# do dart frogs need a water area?



## tongo (Jul 29, 2007)

hey a newb here and i've been reading and looking at a lot of post on here. i have seen tanks with waterfalls and tanks with sitting water and no pumps. i also see some tanks with no water feature at all. do dart frogs need a water feature or is it just for looks?

also i want to build my first dart frog tank soon and was wondering if having a tiny pool in the corner of my tank would be ok? no filter or pump just maybe some type of small aquatic plant. would this setup be ok?

thanks for taking a look


----------



## KeroKero (Jun 13, 2004)

No, it's not needed, and is usually there for the person... if the water is moving it's definately there just for the person. A shallow water bowl works perfectly fine, or if the tank has very good constant humidity and drying out isn't an issue, no water body at all.

You can have a pond in your tank if you want, there are a number of guys in the parts and construction area. Usually for begining it might be easier to stay away from anything complex (waterfalls especially can get really involved) but check out some of the threads and see if there is something you'd like to do


----------



## pl259 (Feb 27, 2006)

Ditto what Corey said, and I would add that a water dish or pond is strongly recommended, especially for beginners. I do one or the other in every one of my tanks.

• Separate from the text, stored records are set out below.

(* Let $(u_\beta)_{\beta<\alpha}$, with $\alpha\ge1$, be a densely non-increasing sequence of prime words. Then $u_0$ is the longest prime prefix of the product $\prod_{\beta<\alpha}u_\beta$.
   Context: $A$ is a finite alphabet with a linear order $<_A$. Words are sequences of letters indexed by countable ordinals; $\prod$ denotes ordered concatenation and $x^\alpha$ the concatenation of $\alpha$ copies of $x$. A prefix of $x$ is $x[0,\gamma)$, a suffix is $x[\gamma,|x|)$, proper if $0<\gamma<|x|$. Write $x<_{str}x'$ if there are letters $a<_Ab$ and words $y,z,z'$ with $x=yaz$, $x'=ybz'$; $x\le_{lex}x'$ iff $x$ is a prefix of $x'$ or $x<_{str}x'$. A word is primitive if $x=y^\alpha$ implies $\alpha=1$ and $y=x$; $w$ is prime if it is primitive and every proper suffix $z$ satisfies $w\le_{lex}z$. A sequence $(u_\beta)_{\beta<\alpha}$ of words is densely non-increasing if for all $\gamma<\gamma'\le\alpha$, either $u_\beta=u_\gamma$ for all $\gamma\le\beta<\gamma'$, or there exist $\gamma\le\beta<\beta'<\gamma'$ with $u_\beta>_{lex}u_{\beta'}$. *)

(* Transfinite words over a finite linearly ordered alphabet,
   represented as countable well-ordered carriers with a labelling; words are
   compared up to order-and-label isomorphism ([weq]). *)
From mathcomp Require Import all_boot all_order.
Set Implicit Arguments. Unset Strict Implicit. Unset Printing Implicit Defensive.

Definition is_cwo (T : Type) (lt : T -> T -> Prop) : Prop :=
  [/\ exists f : T -> nat, injective f,
      (forall a, ~ lt a a),
      (forall a b c, lt a b -> lt b c -> lt a c),
      (forall a b, a <> b -> lt a b \/ lt b a)
    & well_founded lt].

Section Words.
Context {d : Order.disp_t} {A : finOrderType d}.

Record word := Word { wcar : Type; wlt : wcar -> wcar -> Prop; wlab : wcar -> A }.

Definition is_word (x : word) : Prop := is_cwo (@wlt x).

Definition weq (x y : word) : Prop :=
  exists f : wcar x -> wcar y,
    [/\ bijective f,
        (forall a b, wlt a b <-> wlt (f a) (f b))
      & (forall a, wlab (f a) = wlab a)].

Definition nonempty_word (x : word) : Prop := inhabited (wcar x).

Definition letter (a : A) : word := @Word unit (fun _ _ => False) (fun _ => a).

Definition wcat (x y : word) : word :=
  @Word (wcar x + wcar y)%type
    (fun p q => match p, q with
                | inl a, inl b => wlt a b
                | inl _, inr _ => True
                | inr _, inl _ => False
                | inr a, inr b => wlt a b
                end)
    (fun p => match p with inl a => wlab a | inr b => wlab b end).

Definition wprod (I : Type) (ltI : I -> I -> Prop) (u : I -> word) : word :=
  @Word {i : I & wcar (u i)}
    (fun p q => ltI (projT1 p) (projT1 q) \/
       exists i (a b : wcar (u i)),
         [/\ p = existT _ i a, q = existT _ i b & wlt a b])
    (fun p => wlab (projT2 p)).

Definition wpow (J : Type) (ltJ : J -> J -> Prop) (y : word) : word :=
  wprod ltJ (fun _ => y).

Definition is_prefix (p x : word) : Prop :=
  exists z, is_word z /\ weq x (wcat p z).
Definition is_proper_suffix (z x : word) : Prop :=
  exists p, [/\ is_word p, nonempty_word p, nonempty_word z & weq x (wcat p z)].

Definition strlt (x x' : word) : Prop :=
  exists (a b : A) (y z z' : word),
    [/\ (a < b)%O, is_word y, is_word z, is_word z' &
        weq x (wcat (wcat y (letter a)) z) /\
        weq x' (wcat (wcat y (letter b)) z')].

Definition lexle (x x' : word) : Prop := is_prefix x x' \/ strlt x x'.
Definition lexlt (x x' : word) : Prop := lexle x x' /\ ~ weq x x'.

Definition primitive (x : word) : Prop :=
  forall (J : Type) (ltJ : J -> J -> Prop) (y : word),
    is_cwo ltJ -> is_word y -> weq x (wpow ltJ y) ->
    (exists j0 : J, forall j, j = j0) /\ weq y x.

Definition prime_word (w : word) : Prop :=
  primitive w /\ forall z, is_word z -> is_proper_suffix z w -> lexle w z.

(* densely non-increasing sequence (u_beta)_{beta < alpha}, with the index
   ordinal alpha given as (I, ltI); the upper bound gamma' <= alpha is an
   element of [option I], [None] standing for alpha itself *)
Definition below (I : Type) (ltI : I -> I -> Prop) (b : I) (g' : option I) : Prop :=
  match g' with Some g => ltI b g | None => True end.

Definition dense_nonincr (I : Type) (ltI : I -> I -> Prop) (u : I -> word) : Prop :=
  forall (g : I) (g' : option I), below ltI g g' ->
    (forall b, (b = g \/ ltI g b) -> below ltI b g' -> weq (u b) (u g)) \/
    (exists b b', [/\ b = g \/ ltI g b, ltI b b', below ltI b' g'
                   & lexlt (u b') (u b)]).

End Words.

(* Let p be a prime prefix of W = prod_b u_b reaching beyond the first block u_0.
   Since u_0 is a prefix of p and p is below each of its suffixes, u_0 is below
   the suffix of p starting at any block b.  With density and well-founded
   induction this gives u_b <= u_g for covered blocks g <= b; hence every fully
   covered block is a prefix of u_0, and a partially covered block b would give
   u_b <= u_0 <= (a proper prefix of u_b).  So p is a product of whole blocks.
   Take a covered block c with u_c shortest: all covered blocks from c on equal
   u_c.  If u_c = u_0, p is a nontrivial power of u_0, against primitivity.
   Otherwise u_0 <= u_c^beta with u_c a proper prefix of u_0, impossible for a
   prime word: the suffix of u_0 starting at the copy of u_c where u_0 ends or
   first differs is strictly below u_c, hence below u_0. *)

From mathcomp Require Import all_boot all_order.
From Stdlib Require Import Classical ClassicalEpsilon ProofIrrelevance Wellfounded.
Set Implicit Arguments. Unset Strict Implicit. Unset Printing Implicit Defensive.
Import Order.TTheory.

Section WellOrder.
Variables (T : Type) (lt : T -> T -> Prop).
Hypothesis hlt : is_cwo lt.

Lemma cwo_irr a : ~ lt a a.
Proof. by case: hlt => _ h _ _ _; apply: h. Qed.

Lemma cwo_trans a b c : lt a b -> lt b c -> lt a c.
Proof. by case: hlt => _ _ h _ _; apply: h. Qed.

Lemma cwo_wf : well_founded lt.
Proof. by case: hlt. Qed.

Lemma cwo_tot a b : lt a b \/ a = b \/ lt b a.
Proof. case: hlt => _ _ _ h _; case: (classic (a = b)) => [->|/h[]]; tauto. Qed.

Lemma cwo_min (P : T -> Prop) :
  (exists a, P a) -> exists m, P m /\ forall a, P a -> ~ lt a m.
Proof.
move=> [a Pa]; apply: NNPP => hn.
suff : forall b, Acc lt b -> ~ P b by move/(_ a (cwo_wf a)).
move=> b; elim=> {}b _ IH Pb; apply: hn; exists b; split=> // c Pc hcb.
exact: IH c hcb Pc.
Qed.

Lemma cwo_preimage (T' : Type) (f : T' -> T) :
  injective f -> is_cwo (fun a b => lt (f a) (f b)).
Proof.
case: hlt => [[g hg] hirr htr htot hwf] hf; split.
- by exists (g \o f) => a b /hg /hf.
- by move=> a; apply: hirr.
- by move=> a b c; apply: htr.
- by move=> a b hab; apply: htot => /hf.
- exact: Inverse_Image.wf_inverse_image.
Qed.

End WellOrder.
(* Let $S$ be a specialisation independent scheduling rule, $V$ a finite set of variables, $G$ and $X$ p-goals, $\gamma$ a substitution and $\underline\tau$ a shifting such that $X+G\gamma\underline{\tau}$ is defined. If there is a p-SLD derivation $X+G\gamma\underline{\tau}\xrightarrow{S,D}\cdot$ via $S$, then there is a p-SLD derivation $Dr=(G\xrightarrow{S,\,D/(G\gamma\underline{\tau})}\cdot)$ via $S$ with $nvar(Dr)\cap V=\emptyset$.
   Context: A p-atom is a pair $a[p]$ of an atom $a$ and a rational priority $p$. A p-goal is a finite set of p-atoms with pairwise distinct priorities, regarded as a list ordered by increasing priority. Substitutions act on atoms and leave priorities unchanged. A clause is $h\leftarrow B$ with $h$ an atom and $B$ a p-goal. For p-goals with no common priority, $F+G=F\cup G$; $F|G$ denotes $F+G$ when all priorities of $F$ are smaller than those of $G$. A shifting $\underline{\pi}$ is a strictly increasing bijection $\mathbb{Q}\to\mathbb{Q}$ acting on priorities ($G\underline\pi$). Priority derivation step: for a p-goal $a|F$ ($a$ of least priority), clause $c=(h\leftarrow B)$, renaming $\xi$ with $var(a|F)\cap var(c\xi)=\emptyset$, idempotent relevant mgu $\theta$ of $a$ and $h\xi$, and shifting $\underline{\pi}$ with $F$, $B\xi\underline{\pi}$ sharing no priority: $a|F\xrightarrow{c\xi,\theta}(F+B\xi\underline{\pi})\theta$. A p-SLD derivation is a sequence of such steps with each renamed clause $c_j\xi_j$ variable-disjoint from the initial goal and all earlier renamed clauses; its template is the sequence of applied clauses and $nvar$ of a derivation is the union of the sets $var(c_j\xi_j)$. Lowering: for $c=(h\leftarrow B)$, a step $a\lambda\underline{\sigma}|(K\lambda\underline{\sigma}+X)\xrightarrow{c}(X+K\lambda\underline{\sigma}+B\xi''\underline{\theta}'')\alpha''$ is a lowering by $X$ of a step $a|K\xrightarrow{c}(K+B\xi'\underline{\theta}')\alpha'$; it is a congruent lowering by $X$ if some shifting $\underline{\rho}$ has $K\underline{\rho}=K\underline{\sigma}$ and $B\underline{\theta}'\underline{\rho}=B\underline{\theta}''$. Steps are congruent lowerings of each other if each is a congruent lowering of the other. A set $S$ of steps is complete if (i) whenever some step $G\xrightarrow{c}\cdot$ exists, some step $G\xrightarrow{c}\cdot$ lies in $S$, and (ii) $S$ contains every step that is a congruent lowering of each other with a step of $S$. $S$ is specialisation independent if whenever $Ds_1,Ds_2\in S$ and $Ds_2$ is a lowering of $Ds_1$ by $X$, $Ds_2$ is a congruent lowering of $Ds_1$ by $X$. A specialisation independent scheduling rule is a complete specialisation independent set of steps. $G\xrightarrow{S,M}R$ denotes a p-SLD derivation with template $M$ all of whose steps lie in $S$. Sub-templates: for a step $a|(F+G)\xrightarrow{c}Q=((F+G)+B\xi\underline{\pi})\alpha$, $Q/F=F\alpha$, $Q/a=B\xi\underline\pi\alpha$, $c/a=c$, $c/F=$ empty, $c/(a|F)=c$; for $F+G\xrightarrow{c}Q\xrightarrow{K}R$, recursively $(c|K)/F=(c/F)|(K/(Q/F))$. Thus $D/F$ is the subsequence of the template $D$ of clauses applied to p-atoms of $F$ or descending from $F$. *)

From mathcomp Require Import all_boot all_order all_algebra.
From Stdlib Require List.
Set Implicit Arguments. Unset Strict Implicit. Unset Printing Implicit Defensive.
Import Order.TTheory GRing.Theory Num.Theory.
Local Open Scope ring_scope.

Inductive term : Type :=
| Var : nat -> term
| Fun : nat -> seq term -> term.

Definition atom := (nat * seq term)%type.

Definition subst := nat -> term.

Fixpoint term_subst (s : subst) (t : term) : term :=
  match t with
  | Var x => s x
  | Fun f ts => Fun f (map (term_subst s) ts)
  end.

Definition atom_subst (s : subst) (a : atom) : atom :=
  (a.1, map (term_subst s) a.2).

Fixpoint var_in_term (v : nat) (t : term) : Prop :=
  match t with
  | Var x => x = v
  | Fun _ ts =>
      (fix aux (l : seq term) : Prop :=
         match l with [::] => False | u :: l' => var_in_term v u \/ aux l' end) ts
  end.

Definition var_in_atom (v : nat) (a : atom) : Prop :=
  exists2 t, List.In t a.2 & var_in_term v t.

Definition renaming (xi : nat -> nat) : Prop := bijective xi.
Definition ren_subst (xi : nat -> nat) : subst := fun v => Var (xi v).

Definition unifier (th : subst) (a b : atom) : Prop :=
  atom_subst th a = atom_subst th b.

Definition more_general (th dl : subst) : Prop :=
  exists eta : subst, forall v, dl v = term_subst eta (th v).

Definition mgu (th : subst) (a b : atom) : Prop :=
  unifier th a b /\ forall dl, unifier dl a b -> more_general th dl.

The reason is that the pond gives the frogs an easy way to self regulate their moisture content. They sit in it and uptake what they need. You still need to maintain a high humidity in the tank. It just provides another option for them and a little more insurance for you.

Ponds also provide a natural looking deposition site for tadpoles. I'm a big fan of tank raised tads. Not all of my tads do well when tank raised but I do it when and wherever I can.

Lastly, a pond that's created by pulling back and exposing the water in the drainage layer, provides a convenient place to siphon off the excess water that's accumulated.


----------



## tongo (Jul 29, 2007)

sweet and thank you for the fast replies.

my idea was just that, to have a slope in the land in the corner that will expose the water in the drainage layer. thanks for all your help.

also howoften do i do water changes?


----------